As a woman, I have been socialized to take up as little space as possible – physically, that won’t work in powerlifting. Opening up your chest is key to safely executing the lifts. This concept alone has changed how I walk through the world (it’s also improved my posture!) It has been a physical reminder that I do not need to shrink my body to fit a mold of what is acceptable or good. My body is just fine the way it is.
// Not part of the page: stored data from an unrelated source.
Definition bounded_measurable g :=
  measurable_fun setT g /\ exists M : R, forall w, `|g w| <= M.

Lemma bounded_measurable_integrable g :
  bounded_measurable g -> P.-integrable setT (EFin \o g).
Proof.
move=> [mg [M gM]]; apply/integrableP; split; first exact/measurable_EFinP.
apply: le_lt_trans.
  apply: (integral_le_bound `|M|%:E) => //.
    by apply: measurableT_comp => //; exact/measurable_EFinP.
  by apply: aeW => w _; rewrite /= lee_fin (le_trans (gM w)) ?ler_norm.
apply: lte_mul_pinfty => //.
by apply: (le_lt_trans (probability_le1 P _)) => //; rewrite ltry.
Qed.

Lemma bounded_measurable_cst k : bounded_measurable (fun=> k).
Proof. by split => //; exists `|k|. Qed.

Lemma bounded_measurableD g h : bounded_measurable g -> bounded_measurable h ->
  bounded_measurable (fun w => g w + h w).
Proof.
move=> [mg [M gM]] [mh [N hN]]; split; first exact: measurable_funD.
by exists (M + N) => w; rewrite (le_trans (ler_normD _ _)) ?lerD.
Qed.

Lemma bounded_measurableM g h : bounded_measurable g -> bounded_measurable h ->
  bounded_measurable (fun w => g w * h w).
Proof.
move=> [mg [M gM]] [mh [N hN]]; split; first exact: measurable_funM.
by exists (M * N) => w; rewrite normrM ler_pM.
Qed.

Lemma bounded_measurable_max g h : bounded_measurable g -> bounded_measurable h ->
  bounded_measurable (fun w => Num.max (g w) (h w)).
Proof.
move=> [mg [M gM]] [mh [N hN]]; split; first exact: measurable_maxr.
exists (Num.max M N) => w.
by case: (leP (g w) (h w)) => _; rewrite le_max ?gM ?hN ?orbT.
Qed.

Lemma bounded_measurable_sum (I : Type) (s : seq I) (F : I -> O -> R) :
  (forall i, bounded_measurable (F i)) ->
  bounded_measurable (fun w => \sum_(i <- s) F i w).
Proof.
move=> hF; elim: s => [|i s IH].
  by under eq_fun do rewrite big_nil; exact: bounded_measurable_cst.
by under eq_fun do rewrite big_cons; exact: bounded_measurableD.
Qed.

Lemma Ex_cst k : Ex P (fun=> k) = k.
Proof.
rewrite /Ex -/(Rintegral P setT _) Rintegral_cst // -[RHS]mulr1.
by congr (_ * _); exact: (congr1 fine (probability_setT P)).
Qed.

Lemma Ex_indic A : measurable A -> Ex P (\1_A) = fine (P A).
Proof. by move=> mA; rewrite /Ex integral_indic // setIT. Qed.

Lemma ExD g h : bounded_measurable g -> bounded_measurable h ->
  Ex P (fun w => g w + h w) = Ex P g + Ex P h.
Proof.
by move=> bg bh; apply: RintegralD => //; exact: bounded_measurable_integrable.
Qed.

Lemma ExB g h : bounded_measurable g -> bounded_measurable h ->
  Ex P (fun w => g w - h w) = Ex P g - Ex P h.
Proof.
by move=> bg bh; apply: RintegralB => //; exact: bounded_measurable_integrable.
Qed.

Lemma ExZl k g : bounded_measurable g -> Ex P (fun w => k * g w) = k * Ex P g.
Proof.
by move=> bg; apply: RintegralZl => //; exact: bounded_measurable_integrable.
Qed.

Lemma ler_Ex g h : bounded_measurable g -> bounded_measurable h ->
  (forall w, g w <= h w) -> Ex P g <= Ex P h.
Proof.
by move=> bg bh gh; apply: le_Rintegral => //; exact: bounded_measurable_integrable.
Qed.

Lemma Ex_sum (I : Type) (s : seq I) (F : I -> O -> R) :
  (forall i, bounded_measurable (F i)) ->
  Ex P (fun w => \sum_(i <- s) F i w) = \sum_(i <- s) Ex P (F i).
Proof.
move=> hF; elim: s => [|i s IH].
  by under eq_fun do rewrite big_nil; rewrite big_nil Ex_cst.
under eq_fun do rewrite big_cons.
by rewrite big_cons ExD ?IH //; exact: bounded_measurable_sum.
Qed.

End BoundedExpectation.

Section CubeValued.
Context {R : realType} {d : nat} {dO : measure_display} {O : measurableType dO}.
Implicit Types W : O -> d.-tuple R.

Definition cube_valued W := measurable_fun setT W /\ forall w, cube (W w).

Lemma measurable_cube : measurable (@cube R d).
Proof.
have -> : @cube R d =
    \bigcap_(i in [set: 'I_d]) ((fun v : d.-tuple R => tnth v i) @^-1` `[0, 1]%classic).
  apply/seteqP; split => v /= hv i; first by move=> _ /=; rewrite in_itv /= hv.
  by have := hv i I; rewrite /= in_itv.
apply: fin_bigcap_measurable; first exact: finite_finset.
by move=> i _; rewrite -[X in measurable X]setTI; exact: measurable_tnth.
Qed.

Lemma cube_valued_comp (q : d.-tuple R -> d.-tuple R) W :
  measurable_fun cube q -> (forall v, cube v -> cube (q v)) -> cube_valued W ->
  cube_valued (q \o W).
Proof.
move=> mq qcube [mW Wcube]; split; last by move=> w; exact/qcube/Wcube.
apply: (measurable_comp measurable_cube _ mq mW).
by move=> _ [w _ <-]; exact: Wcube.
Qed.

Lemma bounded_measurable_tnth W i : cube_valued W ->
  bounded_measurable (fun w => tnth (W w) i).
Proof.
move=> [mW Wcube]; split.
  apply: (measurableT_comp (f := fun v : d.-tuple R => tnth v i)) => //.
  exact: measurable_tnth.
by exists 1 => w; have /andP[W0 W1] := Wcube w i; rewrite ger0_norm.
Qed.

Lemma bounded_measurable_indic (B : set (d.-tuple R)) W :
  measurable B -> measurable_fun setT W -> bounded_measurable (fun w => \1_B (W w) : R).
Proof.
move=> mB mW; split; first by apply: measurableT_comp => //; exact: measurable_indic.
by exists 1 => w; rewrite /indic; case: (_ \in _); rewrite ?normr1 ?normr0.
Qed.

Context {A : finType} (a0 : A) (r : A -> d.-tuple R) (c : A -> R).

Lemma bounded_measurable_util a W : cube_valued W ->
  bounded_measurable (fun w => util r c a (W w)).
Proof.
move=> cW; apply: bounded_measurableD; last exact: bounded_measurable_cst.
apply: bounded_measurable_sum => i; apply: bounded_measurableM.
  exact: bounded_measurable_cst.
exact: bounded_measurable_tnth.
Qed.

Lemma bounded_measurable_pval W : cube_valued W ->
  bounded_measurable (fun w => pval a0 r c (W w)).
Proof.
move=> cW; rewrite /pval; elim: (index_enum A) => [|a s IH].
  by under eq_fun do rewrite big_nil; exact: bounded_measurable_util.
under eq_fun do rewrite big_cons.
exact: bounded_measurable_max (bounded_measurable_util _ cW) IH.
Qed.

End CubeValued.

Section InnerProduct.
Context {R : realType} {d : nat}.
Implicit Types p q : d.-tuple R.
I’ve never been great at taking care of myself. I’m a nurturer and problem-solver. I like stepping in to fix the problem and make things easier for everyone else. However, you can’t pour from an empty cup – something I’ve learned the hard way a few times. Powerlifting is just as mental as it is physical. If I don’t take time to stop overthinking and clear my head, I will walk up to the bar only to fail. At the same time, if I don’t make a conscious effort to care for my body in between training days, I will not make any progress. I am worth the time and effort it takes to help my body and mind feel good, even if I still have trouble remembering it.
As for community, I’ve always been somewhat of a lone wolf, so adjusting to being around these incredibly supportive people has been a bit weird. Honestly, I am still not used to folks cheering me on to help me get through those last few reps, but wow does it feel good. When I picked up a barbell for the first time, the thought of competing never crossed my mind. But here we are, one year later, and I’ve stood on a platform twice to pick up heavy objects in front of other people (with plans to do it again very soon.) I would have never done that without the support of my teammates.
It’s hard not to get caught up in numbers, or comparisons, but even on my hardest days I can look back at those moments and recognize all that I have gained as a Solcana athlete (whew, still getting used to athlete, too!)
I’m a constant work in progress, and I am so grateful to be here.